(* Let $G$ be a graph, $e=\{u,v\}\in\binom{V(G)}{2}$, $G^+=G+e$ and $G^-=G-e$. For $\circ\in\{+,-\}$ let $S^\circ=S(G^\circ)$, $R^\circ=R(G^\circ)$, and $W^\circ=C_u(G^\circ)\cup C_v(G^\circ)$. Then: (i) if $\{u,v\} \cap S^+ = \varnothing$, then $N_{G^-}(W^+) \subseteq N_{G^+}(W^+) \subseteq S^+ \subseteq S^-$, $R^- \subseteq R^+$, and $W^- \subseteq W^+$; (ii) if $\{u,v\} \cap S^+ \neq \varnothing$, then $N_{G^-}(W^-) \subseteq N_{G^+}(W^-) \subseteq S^- \subseteq S^+$, $R^+ \subseteq R^-$, and $W^+ \subseteq W^-$.
   Context: $G+e$ and $G-e$ are the graphs on $V(G)$ with edge sets $E(G)\cup\{e\}$ and $E(G)\setminus\{e\}$. For a graph $H$ and $X\subseteq V(H)$, $N_H(X)=\{x\in V(H)\setminus X: xy\in E(H)\text{ for some }y\in X\}$. The strong $4$-core $S(H)$ is the maximal $X\subseteq V(H)$ with $|N_H(x)\cap X|\ge4$ for all $x\in X\cup N_H(X)$; $P(H)=N_H(S(H))$, $R(H)=V(H)\setminus(S(H)\cup P(H))$. For $x\in P(H)\cup R(H)$, $C_x(H)$ is the vertex set of the component of $H[P(H)\cup R(H)]$ (equivalently of $H-S(H)$) containing $x$; for $x\in S(H)$, $C_x(H)=\varnothing$. *)

From mathcomp Require Import all_boot.
Set Implicit Arguments. Unset Strict Implicit. Unset Printing Implicit Defensive.

(* Graphs: a (simple) graph on a finite vertex type T is an edge relation
   H : rel T (symmetry / irreflexivity are hypotheses of the theorem). *)
Section Defs.
Variable T : finType.

Definition addE (G : rel T) (u v : T) : rel T :=
  fun x y => [|| G x y, (x == u) && (y == v) | (x == v) && (y == u)].
Definition delE (G : rel T) (u v : T) : rel T :=
  fun x y => G x y && ~~ (((x == u) && (y == v)) || ((x == v) && (y == u))).

Definition nbr (H : rel T) (X : {set T}) : {set T} :=
  [set x | (x \notin X) && [exists y in X, H x y]].
Definition nbr1 (H : rel T) (x : T) : {set T} := [set y | H x y].

Definition core_good (H : rel T) (X : {set T}) : bool :=
  [forall x in X :|: nbr H X, 4 <= #|nbr1 H x :&: X|].

(* The strong 4-core: the maximal good set. Good sets are closed under
   union, so the maximal one is the union of all good sets. *)
Definition score (H : rel T) : {set T} :=
  \bigcup_(X : {set T} | core_good H X) X.
Definition pcore (H : rel T) : {set T} := nbr H (score H).
Definition rcore (H : rel T) : {set T} := ~: (score H :|: pcore H).

Definition outside_rel (H : rel T) : rel T :=
  fun a b => [&& H a b, a \notin score H & b \notin score H].

Definition compC (H : rel T) (x : T) : {set T} :=
  if x \in score H then set0 else [set y | connect (outside_rel H) x y].
End Defs.

From mathcomp Require Import all_boot.
Set Implicit Arguments. Unset Strict Implicit. Unset Printing Implicit Defensive.

(* S(H) is the union of all good sets, so S(H) is itself good and
   S(H) \subset S(H') as soon as S(H) (or S(H) :|: S(H')) is good in H'.
   Goodness of X only sees the edges ending in X.  If u, v lie outside S(G+),
   then G+ and G- have the same edges into S(G+), so S(G+) is good in G-.
   If u or v lies in S(G+), every G+ edge avoiding S(G+) is a G- edge, which
   makes S(G-) :|: S(G+) good in G+.  Once the cores are compared, the
   components of H - S(H) can only grow when the core shrinks and edges
   avoiding it are kept; and a vertex outside C_u :|: C_v adjacent to it must
   be in the core, since otherwise it would be absorbed into that component,
   either along an old edge or because it is u or v itself. *)

Section StrongCore.
Variable T : finType.
Implicit Types (H : rel T) (X Y : {set T}).

Lemma score_max H X : core_good H X -> X \subset score H.
Proof. by move=> gX; apply: (bigcup_sup X). Qed.

Lemma score_good H : core_good H (score H).
Proof.
apply/forall_inP => x xSN.
have [X gX xXN] : exists2 X, core_good H X & x \in X :|: nbr H X.
  case/setUP: xSN => [/bigcupP [X gX xX] | ].
    by exists X; rewrite // inE xX.
  rewrite inE => /andP [xS /exists_inP [y /bigcupP [X gX yX] Hxy]].
  exists X; rewrite // !inE; case: (x \in X) => //=.
  by apply/exists_inP; exists y.
apply: leq_trans (forall_inP gX x xXN) _.
by apply/subset_leq_card/setIS/score_max.
Qed.

Lemma nbr_subrel H1 H2 X : subrel H1 H2 -> nbr H1 X \subset nbr H2 X.
Proof.
move=> sH; apply/subsetP => x; rewrite !inE => /andP [-> /exists_inP [y yX Hxy]].
by apply/exists_inP; exists y => //; apply: sH.
Qed.

Lemma core_good_agree H1 H2 X :
  (forall x y, y \in X -> H1 x y = H2 x y) -> core_good H1 X = core_good H2 X.
Proof.
move=> agree; rewrite /core_good.
have -> : nbr H1 X = nbr H2 X.
  apply/setP => x; rewrite !inE; congr (_ && _).
  by apply: eq_existsb => y; case yX: (y \in X); rewrite //= agree.
apply: eq_forallb => x; congr (_ ==> (4 <= #|(_ : {set T})|)).
by apply/setP => y; rewrite !inE; case yX: (y \in X); rewrite ?andbF ?agree.
Qed.

Lemma score_sub_agree H1 H2 :
  (forall x y, y \in score H2 -> H1 x y = H2 x y) -> score H2 \subset score H1.
Proof. by move=> agree; apply: score_max; rewrite (core_good_agree agree) score_good. Qed.

Lemma core_good_setU H1 H2 X Y :
  subrel H1 H2 -> (forall x y, H2 x y -> x \notin Y -> y \notin Y -> H1 x y) ->
  core_good H1 X -> core_good H2 Y -> core_good H2 (X :|: Y).
Proof.
move=> sH ext gX gY; apply/forall_inP => x xXYN.
case: (boolP (x \in Y :|: nbr H2 Y)) => [xYN | ].
  apply: leq_trans (forall_inP gY x xYN) _.
  by apply/subset_leq_card/setIS/subsetUr.
rewrite !inE negb_or => /andP [xY xNY].
have xXN : x \in X :|: nbr H1 X.
  move: xXYN; rewrite !inE (negbTE xY) orbF.
  case: (x \in X) => //= /exists_inP [y yXY Hxy].
  have yY : y \notin Y.
    by apply: contra xNY => yY; rewrite xY; apply/exists_inP; exists y.
  move: yXY; rewrite inE (negbTE yY) orbF => yX.
  by apply/exists_inP; exists y => //; apply: ext.
apply: leq_trans (forall_inP gX x xXN) _.
by apply/subset_leq_card/subsetP => y; rewrite !inE => /andP [/sH -> ->].
Qed.

Lemma score_sub_extend H1 H2 :
  subrel H1 H2 -> subrel (outside_rel H2) H1 -> score H1 \subset score H2.
Proof.
move=> sH ext; apply: subset_trans (subsetUl _ (score H2)) (score_max _).
apply: core_good_setU sH _ (score_good H1) (score_good H2) => x y Hxy xS yS.
by apply: ext; rewrite /outside_rel Hxy xS yS.
Qed.

Lemma rcore_sub H1 H2 :
  score H1 \subset score H2 -> (forall x y, y \in score H1 -> H1 x y -> H2 x y) ->
  rcore H2 \subset rcore H1.
Proof.
move=> sS sH; apply/subsetP => x; rewrite !inE !negb_or => /andP [xS2 xN2].
apply/andP; split; first by apply: contra xS2; apply: (subsetP sS).
apply: contra xN2 => /andP [_ /exists_inP [y yS Hxy]].
rewrite xS2; apply/exists_inP; exists y; last exact: sH.
exact: (subsetP sS).
Qed.

Lemma compC_notin H w y : y \in compC H w -> y \notin score H.
Proof.
rewrite /compC; case: ifP => [_|wS]; first by rewrite inE.
rewrite inE => /connectP [p pP ->].
elim: p w wS pP => [|a p IH] w wS /=; first by rewrite wS.
by case/andP=> /and3P [_ _ aS] pP; apply: (IH a (negbTE aS) pP).
Qed.

Lemma compC_self H w : w \notin score H -> w \in compC H w.
Proof. by rewrite /compC => /negbTE ->; rewrite inE connect0. Qed.

Lemma compC_ext H w x y :
  y \in compC H w -> H y x -> x \notin score H -> x \in compC H w.
Proof.
move=> yC Hyx xS; have yS := compC_notin yC.
move: yC; rewrite /compC; case: ifP => _; first by rewrite inE.
rewrite !inE => wy; apply: connect_trans wy (connect1 _).
by rewrite /outside_rel Hyx yS xS.
Qed.

Lemma compC_subset H1 H2 w :
  score H2 \subset score H1 -> subrel (outside_rel H1) H2 ->
  compC H1 w \subset compC H2 w.
Proof.
move=> sS sH; have out_S2 z : z \notin score H1 -> z \notin score H2.
  by apply: contra; apply: (subsetP sS).
rewrite /compC; case: ifP => [_|wS]; first exact: sub0set.
rewrite (negbTE (out_S2 w (negbT wS))).
apply/subsetP => y; rewrite !inE; apply: connect_sub => a b abH1.
apply: connect1; case/and3P: (abH1) => _ aS bS.
by rewrite /outside_rel sH //= !out_S2.
Qed.

Lemma nbr_compC_ends H H' u v :
  symmetric H -> subrel H' (addE H u v) ->
  nbr H' (compC H u :|: compC H v) \subset score H.
Proof.
move=> sH sH'; apply/subsetP => x; rewrite inE => /andP [xW /exists_inP [y yW /sH' Hxy]].
apply: contraR xW => xS; apply/setUP.
case/or3P: Hxy => [Hxy | /andP [/eqP xu _] | /andP [/eqP xv _]].
- rewrite sH in Hxy.
  by case/setUP: yW => yC; [left | right]; apply: compC_ext yC Hxy xS.
- by left; rewrite xu in xS *; apply: compC_self.
- by right; rewrite xv in xS *; apply: compC_self.
Qed.

End StrongCore.

Section EdgeSwitch.
Variables (T : finType) (G : rel T) (u v : T).
Hypothesis sG : symmetric G.
Local Notation Gp := (addE G u v).
Local Notation Gm := (delE G u v).

Definition is_uv (x y : T) : bool :=
  ((x == u) && (y == v)) || ((x == v) && (y == u)).

Lemma delE_subrel_addE : subrel Gm Gp.
Proof. by move=> x y /andP [Gxy _]; rewrite /addE Gxy. Qed.

Lemma addE_delE x y : ~~ is_uv x y -> Gp x y = Gm x y.
Proof. by rewrite /addE /delE /is_uv => /negbTE ->; rewrite orbF andbT. Qed.

Lemma addE_subrel_addE_delE : subrel Gp (addE Gm u v).
Proof.
move=> x y; case uvxy: (is_uv x y) => Gpxy; apply/orP; [by right | left].
by rewrite -addE_delE ?uvxy.
Qed.

Lemma is_uv_sym x y : is_uv x y = is_uv y x.
Proof. by rewrite /is_uv orbC (andbC (y == u)) (andbC (y == v)). Qed.

Lemma addE_sym : symmetric Gp.
Proof. by move=> x y; rewrite /addE -!/(is_uv _ _) sG is_uv_sym. Qed.

Lemma delE_sym : symmetric Gm.
Proof. by move=> x y; rewrite /delE -!/(is_uv _ _) sG is_uv_sym. Qed.

Lemma is_uv_notin (X : {set T}) x y :
  u \notin X -> v \notin X -> y \in X -> ~~ is_uv x y.
Proof. by move=> uX vX; apply: contraL => /orP [] /andP [_ /eqP ->]. Qed.

Lemma is_uv_in (X : {set T}) x y :
  (u \in X) || (v \in X) -> x \notin X -> y \notin X -> ~~ is_uv x y.
Proof.
move=> uvX xX yX; apply/negP => /orP [] /andP [/eqP xu /eqP yv];
  by move: uvX; rewrite -xu -yv (negbTE xX) (negbTE yX).
Qed.

End EdgeSwitch.

Theorem lemma4p9 (T : finType) (G : rel T) (u v : T) :
  symmetric G -> irreflexive G -> u != v ->
  let Gp := addE G u v in
  let Gm := delE G u v in
  let Sp := score Gp in let Sm := score Gm in
  let Rp := rcore Gp in let Rm := rcore Gm in
  let Wp := compC Gp u :|: compC Gp v in
  let Wm := compC Gm u :|: compC Gm v in
  ((u \notin Sp) && (v \notin Sp) ->
     [/\ nbr Gm Wp \subset nbr Gp Wp, nbr Gp Wp \subset Sp, Sp \subset Sm,
         Rm \subset Rp & Wm \subset Wp]) /\
  ((u \in Sp) || (v \in Sp) ->
     [/\ nbr Gm Wm \subset nbr Gp Wm, nbr Gp Wm \subset Sm, Sm \subset Sp,
         Rp \subset Rm & Wp \subset Wm]).
Proof.
move=> sG _ _ Gp Gm Sp Sm Rp Rm Wp Wm; have Gm_Gp := @delE_subrel_addE T G u v.
split=> [/andP [uS vS] | uvS].
- have agree x y : y \in Sp -> Gm x y = Gp x y.
    by move=> yS; rewrite /Gm /Gp addE_delE // (is_uv_notin x uS vS yS).
  have sS : Sp \subset Sm by apply: score_sub_agree.
  split; first exact: nbr_subrel.
  + by apply: nbr_compC_ends (addE_sym u v sG) _ => x y Gpxy; apply/orP; left.
  + exact: sS.
  + by apply: rcore_sub => // x y yS; rewrite -agree.
  + by apply: setUSS; apply: compC_subset sS _ => x y /and3P [/Gm_Gp].
- have ext : subrel (outside_rel Gp) Gm.
    by move=> x y /and3P [Gpxy xS yS]; rewrite /Gm -addE_delE // (is_uv_in uvS xS yS).
  have sS : Sm \subset Sp by apply: score_sub_extend.
  split; first exact: nbr_subrel.
  + exact: nbr_compC_ends (delE_sym u v sG) (@addE_subrel_addE_delE T G u v).
  + exact: sS.
  + by apply: rcore_sub sS _ => x y _ /Gm_Gp.
  + by apply: setUSS; apply: compC_subset sS ext.
Qed.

_Task requirements_
Scan the records above for the lines holding "Local Notation Gp := (addE G u v)." and "Theorem lemma4p9 (T". Transcribe those two and every line between them word for word, and no others.

_Answer for the task_
Local Notation Gp := (addE G u v).
Local Notation Gm := (delE G u v).

Definition is_uv (x y : T) : bool :=
  ((x == u) && (y == v)) || ((x == v) && (y == u)).

Lemma delE_subrel_addE : subrel Gm Gp.
Proof. by move=> x y /andP [Gxy _]; rewrite /addE Gxy. Qed.

Lemma addE_delE x y : ~~ is_uv x y -> Gp x y = Gm x y.
Proof. by rewrite /addE /delE /is_uv => /negbTE ->; rewrite orbF andbT. Qed.

Lemma addE_subrel_addE_delE : subrel Gp (addE Gm u v).
Proof.
move=> x y; case uvxy: (is_uv x y) => Gpxy; apply/orP; [by right | left].
by rewrite -addE_delE ?uvxy.
Qed.

Lemma is_uv_sym x y : is_uv x y = is_uv y x.
Proof. by rewrite /is_uv orbC (andbC (y == u)) (andbC (y == v)). Qed.

Lemma addE_sym : symmetric Gp.
Proof. by move=> x y; rewrite /addE -!/(is_uv _ _) sG is_uv_sym. Qed.

Lemma delE_sym : symmetric Gm.
Proof. by move=> x y; rewrite /delE -!/(is_uv _ _) sG is_uv_sym. Qed.

Lemma is_uv_notin (X : {set T}) x y :
  u \notin X -> v \notin X -> y \in X -> ~~ is_uv x y.
Proof. by move=> uX vX; apply: contraL => /orP [] /andP [_ /eqP ->]. Qed.

Lemma is_uv_in (X : {set T}) x y :
  (u \in X) || (v \in X) -> x \notin X -> y \notin X -> ~~ is_uv x y.
Proof.
move=> uvX xX yX; apply/negP => /orP [] /andP [/eqP xu /eqP yv];
  by move: uvX; rewrite -xu -yv (negbTE xX) (negbTE yX).
Qed.

End EdgeSwitch.

Theorem lemma4p9 (T : finType) (G : rel T) (u v : T) :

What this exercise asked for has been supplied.